Новые телескопы сделали безопаснее морские путешествия. Астрономы (например, француз Кассини) зафиксировали точное положение спутников Юпитера в определенные часы и внесли уточнения в навигационные звездные таблицы. В путешествии такие таблицы служили для определения положения тел на небосводе в определенное время, которое затем сопоставляли с положением этих же светил в это же время в исходной точке. Разница в данных показывала, как далеко на запад или восток продвинулось судно. Для таких наблюдений была крайне важна точность — поскольку Земля оборачивается вокруг оси со скоростью пятнадцать морских миль в минуту, погрешность всего в одну угловую минуту означала ошибку величиной в эти самые пятнадцать миль. В условиях плохой видимости в море корабль мог запросто промахнуться мимо цели.

Еще больше осложнила дело экспедиция французов в район Кайенны в экваториальной области Южной Америки. Астрономы заметили, что там маятник их напольных часов колеблется с меньшей амплитудой, чем в родном Париже. Ученые сделали вывод, что вес маятника на экваторе меньше, а если это было действительно так, значит Земля — не является идеальной сферой, поскольку на идеальной сфере сила тяжести должна быть постоянной в любой точке. Изменившееся поведение маятника и его меньший вес они объясняли теорией, согласно которой поверхность планеты опиралась на колонны, сходящиеся к центру, в районе экватора эти колонны были менее плотными и создавали меньшее притяжение. А чем меньше плотность колонн, тем они выше. Это значило, что диаметр Земли на экваторе больше, чем на полюсах.
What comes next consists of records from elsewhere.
Lemma branch_root s t : t \in branch s t.
Proof. by rewrite inE connect0. Qed.

Lemma branch_notin s t : s != t -> s \notin branch s t.
Proof.
move=> st; rewrite inE; apply/negP => /connectP [p].
case/lastP: p => [_ /= ts|p z]; first by rewrite ts eqxx in st.
rewrite rcons_path last_rcons => /andP [_ /andP [_ zs]] sz.
by rewrite sz eqxx in zs.
Qed.

Lemma branch_exit s t x y : s != t -> x \in branch s t -> y \notin branch s t ->
  e x y -> y = s.
Proof.
move=> st x_in y_out exy; apply/eqP; apply: contraNT y_out => ys.
have xs : x != s by apply: contraTneq x_in => ->; apply: branch_notin.
move: x_in; rewrite !inE => /connect_trans; apply.
by apply: connect1; rewrite /avoid /= exy xs ys.
Qed.

(* Two neighbours of [t] joined away from [t] would close a cycle through [t]. *)
Lemma neighbors_disconnected t u s : e t u -> e t s -> u != s ->
  ~~ connect (avoid e t) u s.
Proof.
move=> etu ets us; apply/negP => /connectP [p u_p s_p].
case: (shortenP u_p) s_p => p' u_p' uniq_p' _ s_p'.
have e_p' : path e u p' by apply: sub_path u_p' => a b /andP [/andP []].
have t_p' : all (predC1 t) p' := path_avoid_all u_p'.
case: p' u_p' uniq_p' s_p' e_p' t_p' => [_ _ /= su|z p' _ uniq_p' s_p' e_p' t_p'].
  by rewrite su eqxx in us.
move: e_p' s_p' => /= /andP [euz e_p'] s_last.
suff /e_acyc : ucycle e [:: t, u, z & p'] by [].
apply/andP; split.
  by rewrite /cycle /= etu euz rcons_path e_p' -s_last e_sym ets.
rewrite cons_uniq uniq_p' andbT inE negb_or (edge_neq etu) /=.
by apply/negP => /(allP t_p') /=; rewrite eqxx.
Qed.

Lemma branch_sub s t u : e s t -> e t u -> u != s -> branch t u \subset branch s t.
Proof.
move=> est etu us; apply/subsetP => x; rewrite !inE => /connectP [p u_p ->].
have ts : t != s by rewrite eq_sym (edge_neq est).
have s_up : all (predC1 s) (u :: p).
  apply/allP => y /(path_connect u_p) cuy /=; apply: contraTneq cuy => ->.
  by apply: neighbors_disconnected etu _ us; rewrite e_sym.
have u_p_s : path (avoid e s) u p.
  apply: sub_in_path s_up u_p => a b /[!inE] a_s b_s /andP [/andP [eab _] _].
  by rewrite /avoid /= eab a_s b_s.
apply: connect_trans (connect1 (_ : avoid e s t u)) _.
  by rewrite /avoid /= etu ts us.
by apply/connectP; exists p.
Qed.

Lemma branch_card_lt s t u : e s t -> e t u -> u != s ->
  #|branch t u| < #|branch s t|.
Proof.
move=> est etu us; rewrite (cardsD1 t (branch s t)) branch_root ltnS.
apply/subset_leq_card/subsetP => x x_in; rewrite in_setD1 (subsetP (branch_sub est etu us)) //.
by rewrite andbT; apply: contraTneq x_in => ->; apply/branch_notin/edge_neq.
Qed.

(* Move along edges satisfying [P] away from [s]; the branch shrinks at each step. *)
Lemma extremal_edge (P : T -> T -> bool) s t : e s t -> P s t ->
  exists s' t', [/\ e s' t', P s' t' & forall u, e t' u -> u != s' -> ~~ P t' u].
Proof.
move: {2}#|branch s t| (leqnn #|branch s t|) => n.
elim: n s t => [|n IH] s t le_n est Pst.
  by move: le_n (branch_root s t); rewrite leqn0 cards_eq0 => /eqP ->; rewrite inE.
have [/existsP [u /and3P [etu us Ptu]]|none] := boolP [exists u, [&& e t u, u != s & P t u]].
  by apply: (IH t u) => //; rewrite -ltnS; apply: leq_trans le_n; apply: branch_card_lt.
exists s, t; split => // u etu us; apply/negP => Ptu.
by case/negP: none; apply/existsP; exists u; rewrite etu us Ptu.
Qed.

End TreeBranches.

Section ArcCount.
Variables (T : finType) (r : rel T).
Hypotheses (r_sym : symmetric r) (r_irr : irreflexive r).

(* Twice the number of edges of the subgraph induced on [A]. *)
Definition arc_count (A : {set T}) : nat :=
  \sum_(x : T) \sum_(y : T) ((x \in A) && (y \in A) && r x y : nat).

Lemma arc_count0 : arc_count set0 = 0.
Proof. by rewrite /arc_count big1 // => x _; rewrite big1 // => y _; rewrite inE. Qed.

Lemma sum_pair_indicator (a b : T) :
  \sum_(x : T) \sum_(y : T) ((x == a) && (y == b) : nat) = 1.
Proof.
rewrite (bigD1 a) //= [X in _ + X]big1 => [|x xa]; last first.
  by rewrite big1 // => y _; rewrite (negbTE xa).
rewrite addn0 (bigD1 b) //= !eqxx big1 // => y yb.
by rewrite (negbTE yb) andbF.
Qed.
Сторонники традиционных представлений о правильной форме Земли не могли принять такой аргументации, и закипели споры. Ньютон и англичане придерживались теории, что Земля имеет форму сплюснутого у полюсов сфероида, французские же ученые не разделяли этого мнения. Вопрос имел не только академический интерес — если представления о Земле, как о правильной сфере, ошибочны, то ошибочны и карты, а следовательно, навигация по таким картам не точна и даже опасна. Масла в огонь подлил случай, когда по пути из Гибралтара из-за неточных карт в тумане у островов Силли разбились все корабли адмирала Клаудсли Шовелла 133  —  283 . Тогда погибли две тысячи человек, включая самого адмирала.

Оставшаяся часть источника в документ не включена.